Use an ml.t3.medium instance for cost efficiency. Ensure IAM roles have S3 access for data storage .

Step 2: Data Preparation with MovieLens

Download and preprocess the dataset:

import pandas as pd

# Load 100k MovieLens dataset
ratings = pd.read_csv('ml-latest-small/ratings.csv')
movies = pd.read_csv('ml-latest-small/movies.csv')

# Create user-item matrix
user_ids = ratings['userId'].unique()
movie_ids = ratings['movieId'].unique()

# Split data (80% training, 20% testing)
from sklearn.model_selection import train_test_split
train, test = train_test_split(ratings, test_size=0.2)

We use negative sampling to handle implicit feedback - crucial for real-world scenarios where users don't explicitly rate items .

Step 3: Building the Neural Collaborative Filtering Model

Implement a two-tower architecture with TensorFlow:

import tensorflow as tf
from tensorflow.keras.layers import Embedding, Flatten, Concatenate, Dense

# User embedding tower
user_input = tf.keras.Input(shape=(1,), name='user_id')
user_embedding = Embedding(len(user_ids)+1, 64)(user_input)
user_vec = Flatten()(user_embedding)

# Item embedding tower
item_input = tf.keras.Input(shape=(1,), name='movie_id')
item_embedding = Embedding(len(movie_ids)+1, 64)(item_input)
item_vec = Flatten()(item_embedding)

# Concatenate and add dense layers
concat = Concatenate()([user_vec, item_vec])
dense = Dense(128, activation='relu')(concat)
output = Dense(1, activation='sigmoid')(dense)

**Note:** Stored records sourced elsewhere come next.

(* Let $\mathbf{X}=(X;f,\preccurlyeq,\tau)$ be a Priestley space $(X;\preccurlyeq,\tau)$ endowed with a map $f\colon X\to X$ that is an order-reversing homeomorphism of order two (i.e. $f(f(x))=x$ for all $x\in X$). Choose a subset $Y\subseteq X$ satisfying: (a) every $x\in X$ with $f(x)=x$ belongs to $Y$; (b) for every $x\in X$ with $x\neq f(x)$, exactly one of $x$, $f(x)$ belongs to $Y$. Then the system $$\sigma=\{Z\subseteq Y\mid Z\cup f(Z)\text{ is open in } (X,\tau)\}$$ is a topology on $Y$, and $(Y,\sigma)$ is a Boolean space (i.e. compact, Hausdorff and having a basis of clopen sets).
   Context: A Priestley space is a compact ordered topological space $(X;\preccurlyeq,\tau)$ such that whenever $x\not\preccurlyeq y$ there is a clopen up-set containing $x$ but not $y$. An order-reversing map $f$ satisfies $x\preccurlyeq y\Rightarrow f(y)\preccurlyeq f(x)$. *)

From HB Require Import structures.
From mathcomp Require Import all_boot all_order.
From mathcomp Require Import classical_sets boolp cardinality topology.
Set Implicit Arguments. Unset Strict Implicit. Unset Printing Implicit Defensive.
Local Open Scope classical_set_scope.

Definition partial_order {X : Type} (le : X -> X -> Prop) : Prop :=
  (forall x, le x x) /\
  (forall x y, le x y -> le y x -> x = y) /\
  (forall x y z, le x y -> le y z -> le x z).

Definition up_set {X : Type} (le : X -> X -> Prop) (U : set X) : Prop :=
  forall x y, U x -> le x y -> U y.

Definition priestley_space {X : topologicalType} (le : X -> X -> Prop) : Prop :=
  partial_order le /\ compact [set: X] /\
  (forall x y, ~ le x y ->
     exists U : set X, clopen U /\ up_set le U /\ U x /\ ~ U y).

Definition order_reversing {X : Type} (le : X -> X -> Prop) (f : X -> X) : Prop :=
  forall x y, le x y -> le (f y) (f x).

Definition homeomorphism {X : topologicalType} (f : X -> X) : Prop :=
  continuous f /\ exists g : X -> X,
    continuous g /\ (forall x, g (f x) = x) /\ (forall x, f (g x) = x).

Definition is_topology_on {T : Type} (Y : set T) (O : set (set T)) : Prop :=
  (forall Z, O Z -> Z `<=` Y) /\ O set0 /\ O Y /\
  (forall G : set (set T), G `<=` O -> O (\bigcup_(A in G) A)) /\
  (forall A B, O A -> O B -> O (A `&` B)).

Definition compact_on {T : Type} (Y : set T) (O : set (set T)) : Prop :=
  forall G : set (set T), G `<=` O -> Y `<=` \bigcup_(A in G) A ->
    exists F : set (set T), [/\ finite_set F, F `<=` G & Y `<=` \bigcup_(A in F) A].

Definition hausdorff_on {T : Type} (Y : set T) (O : set (set T)) : Prop :=
  forall x y, Y x -> Y y -> x <> y ->
    exists U V, [/\ O U, O V, U x, V y & U `&` V = set0].

Definition clopen_basis_on {T : Type} (Y : set T) (O : set (set T)) : Prop :=
  forall Z, O Z -> forall y, Z y ->
    exists B, [/\ O B, O (Y `\` B), B y & B `<=` Z].

Definition boolean_space_on {T : Type} (Y : set T) (O : set (set T)) : Prop :=
  [/\ compact_on Y O, hausdorff_on Y O & clopen_basis_on Y O].

From HB Require Import structures.
From mathcomp Require Import all_boot all_order.
From mathcomp Require Import classical_sets boolp cardinality topology.
Local Open Scope classical_set_scope.

(* The map Z |-> Z `|` f @` Z is a lattice isomorphism from the subsets of Y
   onto the f-stable subsets of X, with inverse W |-> W `&` Y, and it turns
   complements relative to Y into complements in X.  So (Y, sigma) is the orbit
   space of the involution f, and it inherits compactness from X.  Every
   stable open set is a union of stable clopen sets C `|` f @^-1` C, which gives
   the clopen basis and the Hausdorff property. *)

(* [compact_cover] is stated for pointed spaces only. *)
Definition pointed_at {T : topologicalType} (x : T) : Type := T.
HB.instance Definition _ (T : topologicalType) (x : T) :=
  Topological.copy (pointed_at x) T.
HB.instance Definition _ (T : topologicalType) (x : T) :=
  isPointed.Build (pointed_at x) x.

Section FiniteSubcover.
Import finmap.

Lemma compact_finite_subcover {T : topologicalType} {A : set T}
    {I : choiceType} {D : set I} {F : I -> set T} :
  compact A -> (forall i, D i -> open (F i)) ->
  A `<=` \bigcup_(i in D) F i ->
  exists E : set I, [/\ finite_set E, E `<=` D & A `<=` \bigcup_(i in E) F i].
Proof.
move=> cA oF AF; have [[x _]|T0] := pselect (exists x : T, True); last first.
  exists set0; split; [exact: finite_set0 | by [] |].
  by move=> x; case: T0; exists x.
have : compact (A : set (pointed_at x)) by [].
rewrite compact_cover => /(_ I D F oF AF) [E ED AE].
exists [set` E]; split; [exact: finite_fset | | by []].
by move=> i /ED; rewrite in_setE.
Qed.

End FiniteSubcover.

Lemma zero_dimensional_hausdorff {T : topologicalType} :
  zero_dimensional T -> hausdorff_space T.
Proof.
move=> zdT; rewrite open_hausdorff => x y /zdT [C [[oC cC] Cx Cy]].
exists (C, ~` C); first by rewrite !inE.
by split => //=; [exact: closed_openC | apply/eqP; rewrite setICr].
Qed.

Lemma compact_zero_dimensional_clopen_nbhs {T : topologicalType}
    {O : set T} {x : T} :
  compact [set: T] -> zero_dimensional T -> open O -> O x ->
  exists C, [/\ clopen C, C x & C `<=` O].
Proof.
move=> cT zdT oO Ox.
have := zero_dimensional_cvg (x := x) (zero_dimensional_hausdorff zdT) zdT cT.
by move=> /(_ O (open_nbhs_nbhs (conj oO Ox))) [C [Cx cC] CO]; exists C.
Qed.

Lemma priestley_zero_dimensional {X : topologicalType} {le : X -> X -> Prop} :
  priestley_space le -> zero_dimensional X.
Proof.
move=> [[_ [le_anti _]] [_ sep]] a b /eqP ab.
have [lab|nlab] := pselect (le a b); last first.
  by have [U [cU [_ [Ua Ub]]]] := sep _ _ nlab; exists U.
have nlba : ~ le b a by move=> lba; apply: ab; exact: le_anti.
have [U [cU [_ [Ub Ua]]]] := sep _ _ nlba.
by exists (~` U); split => //; exact: clopenC.
Qed.

Section InvolutionSelection.
Variables (X : topologicalType) (f : X -> X) (Y : set X).
Hypothesis fK : involutive f.
Hypothesis fixed_sel : forall x, f x = x -> Y x.
Hypothesis orbit_sel : forall x, x <> f x -> (Y x <-> ~ Y (f x)).

Definition saturation (Z : set X) : set X := Z `|` f @` Z.

Definition stable (W : set X) : Prop := forall x, W x -> W (f x).

Definition selection_topology : set (set X) :=
  [set Z | Z `<=` Y /\ open (saturation Z)].

Lemma selection_fixed {x} : Y x -> Y (f x) -> f x = x.
Proof.
move=> Yx Yfx; apply: contrapT => fxx.
exact: (orbit_sel _ (nesym fxx)).1 Yx Yfx.
Qed.

Lemma selection_total x : Y x \/ Y (f x).
Proof.
have [Yx|nYx] := pselect (Y x); [by left | right].
have [xfx|xfx] := pselect (x = f x).
  by rewrite -xfx; exact: fixed_sel _ (esym xfx).
by apply: contrapT => nYfx; apply: nYx; exact/(orbit_sel _ xfx).
Qed.

Lemma stable_saturation Z : stable (saturation Z).
Proof. by move=> x [Zx|[z Zz <-]]; [right; exists x | left; rewrite fK]. Qed.

Lemma stableC {W} : stable W -> stable (~` W).
Proof. by move=> sW x nWx Wfx; apply: nWx; rewrite -[x]fK; exact: sW. Qed.

Lemma saturationS {Z1 Z2} : Z1 `<=` Z2 -> saturation Z1 `<=` saturation Z2.
Proof. by move=> Z12; apply: setUSS => //; exact: image_subset. Qed.

Lemma saturationIY {Z} : Z `<=` Y -> saturation Z `&` Y = Z.
Proof.
move=> ZY; apply/seteqP; split => [x [[//|[z Zz <-]] Yfz]|x Zx].
  by rewrite (selection_fixed (ZY _ Zz) Yfz).
by split; [left | exact: ZY].
Qed.

Lemma saturation_stableIY {W} : stable W -> saturation (W `&` Y) = W.
Proof.
move=> sW; apply/seteqP; split => [x [[]//|[z [Wz _] <-]]|x Wx].
  exact: sW.
have [Yx|Yfx] := selection_total x; first by left.
by right; exists (f x); [split => //; exact: sW | exact: fK].
Qed.

Lemma saturation0 : saturation set0 = set0.
Proof. by rewrite /saturation image_set0 setU0. Qed.

Lemma saturationY : saturation Y = [set: X].
Proof. by rewrite -[Y]setTI saturation_stableIY. Qed.

Lemma saturation_bigcup (G : set (set X)) :
  saturation (\bigcup_(A in G) A) = \bigcup_(A in G) saturation A.
Proof. by rewrite /saturation image_bigcup bigcupU. Qed.

Lemma saturationI {Z1 Z2} : Z1 `<=` Y -> Z2 `<=` Y ->
  saturation (Z1 `&` Z2) = saturation Z1 `&` saturation Z2.
Proof.
move=> Z1Y Z2Y; rewrite -[RHS]saturation_stableIY; last first.
  by move=> x [S1x S2x]; split; exact: stable_saturation.
have -> : saturation Z1 `&` saturation Z2 `&` Y =
    (saturation Z1 `&` Y) `&` (saturation Z2 `&` Y) by rewrite setIACA setIid.
by rewrite !saturationIY.
Qed.

Lemma selection_is_topology : is_topology_on Y selection_topology.
Proof.
split; [by move=> Z [] | split; [| split; [| split]]].
- by split; [exact: sub0set | rewrite saturation0; exact: open0].
- by split => //; rewrite saturationY; exact: openT.
- move=> G GS; split; first by move=> x [A /GS [AY _] /AY].
  by rewrite saturation_bigcup; apply: bigcup_open => A /GS [].
- move=> A B [AY oA] [BY oB]; split; first by move=> x [/AY].
  by rewrite saturationI //; exact: openI.
Qed.

Lemma selection_open_stable {W} :
  open W -> stable W -> selection_topology (W `&` Y).
Proof.
by move=> oW sW; split; [exact: subIsetr | rewrite saturation_stableIY].
Qed.

Lemma selection_clopen_stable {W} : clopen W -> stable W ->
  selection_topology (W `&` Y) /\ selection_topology (Y `\` (W `&` Y)).
Proof.
move=> [oW cW] sW; split; first exact: selection_open_stable.
rewrite setDIr setDv setU0 setDE setIC.
by apply: selection_open_stable; [exact: closed_openC | exact: stableC].
Qed.

Hypothesis f_cont : continuous f.
Hypothesis X_compact : compact [set: X].
Hypothesis X_zd : zero_dimensional X.

Lemma stable_clopen_nbhs {O x} : open O -> stable O -> O x ->
  exists W, [/\ clopen W, stable W, W x & W `<=` O].
Proof.
move=> oO sO Ox.
have [C [cC Cx CO]] :=
  compact_zero_dimensional_clopen_nbhs X_compact X_zd oO Ox.
exists (C `|` f @^-1` C); split.
- by apply: clopenU => //; exact: preimage_clopen.
- by move=> y [Cy|Cfy]; [right; rewrite /= fK | left].
- by left.
- by move=> y [/CO //|/CO/sO]; rewrite fK.
Qed.

Lemma selection_clopen_basis : clopen_basis_on Y selection_topology.
Proof.
move=> Z [ZY oZ] y Zy.
have [W [cW sW Wy WZ]] :=
  stable_clopen_nbhs oZ (@stable_saturation Z) (or_introl Zy).
have [sWY sYW] := selection_clopen_stable cW sW.
exists (W `&` Y); split => //; first by split => //; exact: ZY.
by rewrite -[X in _ `<=` X](saturationIY ZY); exact: setSI.
Qed.

Lemma selection_hausdorff : hausdorff_on Y selection_topology.
Proof.
move=> x y Yx Yy xy.
have yY : [set y] `<=` Y by move=> _ ->.
have oS : open (~` saturation [set y]).
  apply: closed_openC; rewrite /saturation image_set1.
  have T1 := hausdorff_accessible (zero_dimensional_hausdorff X_zd).
  by apply: closedU; exact: accessible_closed_set1.
have nSx : ~ saturation [set y] x.
  move=> Sx; apply: xy; have : (saturation [set y] `&` Y) x by [].
  by rewrite saturationIY.
have [W [cW sW Wx WS]] :=
  stable_clopen_nbhs oS (stableC (@stable_saturation [set y])) nSx.
have [sWY sYW] := selection_clopen_stable cW sW.
exists (W `&` Y), (Y `\` (W `&` Y)); split => //; last exact: setDIK.
by split => // -[/WS + _]; apply; left.
Qed.

Lemma selection_compact : compact_on Y selection_topology.
Proof.
move=> G GS YG.
have XG : [set: X] `<=` \bigcup_(A in G) saturation A.
  by rewrite -saturation_bigcup -saturationY; exact: saturationS.
have [E [finE EG XE]] :=
  compact_finite_subcover X_compact (fun A GA => (GS A GA).2) XG.
exists E; split => // y Yy; have /XE [A EA Ay] : [set: X] y by [].
by exists A => //; rewrite -(saturationIY (GS A (EG A EA)).1).
Qed.

End InvolutionSelection.

Theorem mainTheorem1 (X : topologicalType) (le : X -> X -> Prop) (f : X -> X)
  (Y : set X) :
  priestley_space le ->
  order_reversing le f ->
  homeomorphism f ->
  (forall x, f (f x) = x) ->
  (forall x, f x = x -> Y x) ->
  (forall x, x <> f x -> (Y x <-> ~ Y (f x))) ->
  let sigma := [set Z : set X | Z `<=` Y /\ open (Z `|` f @` Z)] in
  is_topology_on Y sigma /\ boolean_space_on Y sigma.
Proof.
move=> P _ [f_cont _] fK fixed_sel orbit_sel sigma.
have X_compact : compact [set: X] := P.2.1.
have X_zd := priestley_zero_dimensional P.
split; first exact: selection_is_topology.
split; [exact: selection_compact | exact: selection_hausdorff |
        exact: selection_clopen_basis].
Qed.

model = tf.keras.Model(inputs=[user_input, item_input], outputs=output)
model.compile(optimizer='adam', loss='binary_crossentropy')

This architecture learns latent features from user-item interactions, combining matrix factorization with neural networks.

Step 4: Training on SageMaker

Configure TensorFlow estimator:

from sagemaker.tensorflow import TensorFlow

# Upload processed data to S3
train_path = sagemaker_session.upload_data('train.csv', bucket=bucket)
test_path = sagemaker_session.upload_data('test.csv', bucket=bucket)

# Initialize estimator
estimator = TensorFlow(
    entry_point='train.py',
    role=role,
    instance_count=1,
    instance_type='ml.m5.xlarge',
    framework_version='2.9',
    py_version='py38',
    hyperparameters={'epochs': 10}
)

# Start training job
estimator.fit({'train': train_path, 'test': test_path})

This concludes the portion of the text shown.